URL: http://arxiv.org/abs/2402.07319v1
Date: Sun, 11 Feb 2024 22:40:12 GMT
Title: ODIN: Disentangled Reward Mitigates Hacking in RLHF
Authors: Lichang Chen, Chen Zhu, Davit Soselia, Jiuhai Chen, Tianyi Zhou, Tom Goldstein, Heng Huang, Mohammad Shoeybi, Bryan Catanzaro
Abstract summary: We study the issue of reward hacking on the response length, a challenge emerging in Reinforcement Learning from Human Feedback. A well-formatted, verbose but less helpful response from the LLMs can often deceive LLMs or even human evaluators to achieve high scores. Our approach almost eliminates the reward correlation with length, and improves the obtained policy by a significant margin.
Score: 127.35607931337019
License: http://creativecommons.org/licenses/by/4.0/
Abstract: In this work, we study the issue of reward hacking on the response length, a challenge emerging in Reinforcement Learning from Human Feedback (RLHF) on LLMs. A well-formatted, verbose but less helpful response from the LLMs can often deceive LLMs or even human evaluators to achieve high scores. The same issue also holds for some reward models in RL. To address the challenges in both training and evaluation, we establish a more reliable evaluation protocol for comparing different training configurations, which inspects the trade-off between LLM evaluation score and response length obtained by varying training hyperparameters.

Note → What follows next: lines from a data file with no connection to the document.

(* Let $\Pi=(\mathcal{S},\mathcal{R})$ be a stably (resp. haltingly) correct CRN protocol (with respect to some interface). Then there exist a runtime policy $\varrho$ and a function $f:\mathbb{Z}_{\ge1}\to\mathbb{R}_{\ge0}$ such that for every integer $n\ge1$, every execution $\eta\in\mathcal{F}(n)$ and every skipping policy $\sigma$, the stabilization runtime $\operatorname{RT}_{\mathrm{stab}}^{\varrho,\sigma}(\eta)$ (resp. halting runtime $\operatorname{RT}_{\mathrm{halt}}^{\varrho,\sigma}(\eta)$) is at most $f(n)$.
   Context: Model. A CRN protocol $\Pi=(\mathcal{S},\mathcal{R})$ has a finite species set $\mathcal{S}$ and finite reaction set $\mathcal{R}\subset\mathbb{N}^{\mathcal{S}}\times\mathbb{N}^{\mathcal{S}}$; each reaction $(\mathbf{r},\mathbf{p})$ has $\|\mathbf{r}\|_1\in\{1,2\}$ and $\|\mathbf{r}\|_1\le\|\mathbf{p}\|_1$; for each $\mathbf{r}$ with $1\le\|\mathbf{r}\|_1\le2$ the set $\mathcal{R}(\mathbf{r})$ of reactions with reactants $\mathbf{r}$ is nonempty; void reactions have $\mathbf{r}=\mathbf{p}$, and if $(\mathbf{r},\mathbf{r})\in\mathcal{R}$ then $\mathcal{R}(\mathbf{r})=\{(\mathbf{r},\mathbf{r})\}$; $\operatorname{NV}(\mathcal{R})$ = non-void reactions. Configurations $\mathbf{c}\in\mathbb{N}^{\mathcal{S}}$ with $\|\mathbf{c}\|_1\ge1$; $(\mathbf{r},\mathbf{p})$ is applicable to $\mathbf{c}$ if $\mathbf{r}\le\mathbf{c}$ and yields $\mathbf{c}-\mathbf{r}+\mathbf{p}$; $\operatorname{app}(\mathbf{c})$ applicable reactions, $\overline{\operatorname{app}}(\mathbf{c})=\mathcal{R}\setminus\operatorname{app}(\mathbf{c})$; $\stackrel{*}{\rightharpoonup}$ reachability; the protocol respects finite density ($\mathbf{c}\stackrel{*}{\rightharpoonup}\mathbf{c}'\Rightarrow\|\mathbf{c}'\|_1\le O(\|\mathbf{c}\|_1)$). $\mathrm{stab}(Z)=\{\mathbf{c}\in Z:\mathbf{c}\stackrel{*}{\rightharpoonup}\mathbf{c}'\Rightarrow\mathbf{c}'\in Z\}$, $\mathrm{halt}(Z)=\{\mathbf{c}\in Z:\mathbf{c}\stackrel{*}{\rightharpoonup}\mathbf{c}'\Rightarrow\mathbf{c}'=\mathbf{c}\}$. Executions $\eta=\langle\mathbf{c}^t,\alpha^t\rangle_{t\ge0}$ ($\alpha^t\in\operatorname{app}(\mathbf{c}^t)$, $\mathbf{c}^{t+1}=\alpha^t(\mathbf{c}^t)$) are weakly fair if for all $t$ and $\alpha\in\operatorname{app}(\mathbf{c}^t)$ there is $t'\ge t$ with $\alpha^{t'}=\alpha$ or $\alpha\notin\operatorname{app}(\mathbf{c}^{t'})$. An interface $\mathcal{I}=(\mathcal{U},\mu,\mathcal{C})$ ($\mu:\mathcal{S}\to\mathcal{U}$, $\mathcal{C}\subseteq\mathbb{N}^{\mathcal{U}}\times\mathbb{N}^{\mathcal{U}}$, $\mu(\mathbf{c})(u)=\sum_{\mu(A)=u}\mathbf{c}(A)$) gives $Z_{\mathcal{I}}(\mathbf{c}^0)=\{\mathbf{c}:(\mu(\mathbf{c}^0),\mu(\mathbf{c}))\in\mathcal{C}\}$; $\mathbf{c}^0$ is valid if this is nonempty; $\Pi$ is stably (haltingly) correct if every weakly fair execution from a valid $\mathbf{c}^0$ reaches $\mathrm{stab}(Z_{\mathcal{I}}(\mathbf{c}^0))$ ($\mathrm{halt}(Z_{\mathcal{I}}(\mathbf{c}^0))$); the first such step is the stabilization (halting) step. Stochastic scheduler. With volume $\varphi>0$, the propensity of $\alpha=(\mathbf{r},\mathbf{p})$ in $\mathbf{c}$ is $\pi_{\mathbf{c}}(\alpha)=\mathbf{c}(A)/|\mathcal{R}(\mathbf{r})|$ if $\mathbf{r}=A$; $\frac1\varphi\binom{\mathbf{c}(A)}{2}/|\mathcal{R}(\mathbf{r})|$ if $\mathbf{r}=2A$; $\frac1\varphi\mathbf{c}(A)\mathbf{c}(B)/|\mathcal{R}(\mathbf{r})|$ if $\mathbf{r}=A+B$, $A\ne B$; $\pi_{\mathbf{c}}(Q)=\sum_{\alpha\in Q}\pi_{\mathbf{c}}(\alpha)$, $\pi_{\mathbf{c}}=\pi_{\mathbf{c}}(\mathcal{R})$. A stochastic execution picks $\alpha^t$ with probability $\pi_{\mathbf{c}^t}(\alpha)/\pi_{\mathbf{c}^t}$; step $t$ has time span $1/\pi_{\mathbf{c}^t}$. The volume is $\varphi=\Theta(n)$ with $n$ the initial molecular count. Runtime. For an execution $\eta$, step $t$ and $Q\subseteq\mathcal{R}$, $\tau(\eta,t,Q)$ is the least $s>t$ with $\alpha^{s-1}\in Q$ or $Q\subseteq\bigcup_{t\le t'\le s}\overline{\operatorname{app}}(\mathbf{c}^{t'})$. A runtime policy $\varrho$ maps each configuration $\mathbf{c}$ to $\varrho(\mathbf{c})\subseteq\operatorname{NV}(\mathcal{R})$; a skipping policy $\sigma$ maps each step $t$ to $\sigma(t)\ge t$. Rounds of a weakly fair $\eta$: $t(0)=0$, effective step $t_e(i)=\sigma(t(i))$, effective configuration $\mathbf{e}^i=\mathbf{c}^{t_e(i)}$, $t(i+1)=\tau(\eta,t_e(i),\varrho(\mathbf{e}^i))$. Temporal cost: $\operatorname{TC}^{\varrho}(\mathbf{c})=\mathbb{E}\big[\sum_{t=0}^{\tau(\eta_r,0,\varrho(\mathbf{c}))-1}1/\pi_{\mathbf{c}_r^t}\big]$ for a stochastic execution $\eta_r=\langle\mathbf{c}_r^t,\alpha_r^t\rangle$ from $\mathbf{c}$. The runtime of the prefix of $\eta$ before step $t^*$ is $\sum_{i=0}^{i^*-1}\operatorname{TC}^{\varrho}(\mathbf{e}^i)$ with $i^*=\min\{i:t(i)\ge t^*\}$; $\operatorname{RT}_{\mathrm{stab}}^{\varrho,\sigma}(\eta)$ (resp. $\operatorname{RT}_{\mathrm{halt}}^{\varrho,\sigma}(\eta)$) is this with $t^*$ the stabilization (halting) step. $\mathcal{F}(n)$ is the set of weakly fair executions from valid initial configurations of molecular count $n$. *)

From HB Require Import structures.
From mathcomp Require Import all_boot all_order all_algebra.
From mathcomp Require Import boolp classical_sets reals ereal topology
  normedtype sequences Rstruct.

Based on this evaluation, we conduct large-scale studies, where the results shed insights into the efficacy of hyperparameters and tricks used in RL on mitigating length bias. We further propose to improve the reward model by jointly training two linear heads on shared feature representations to predict the rewards, one trained to correlate with length, and the other trained to decorrelate with length and therefore focus more on the actual content. We then discard the length head in RL to prevent reward hacking on length. Experiments demonstrate that our approach almost eliminates the reward correlation with length, and improves the obtained policy by a significant margin.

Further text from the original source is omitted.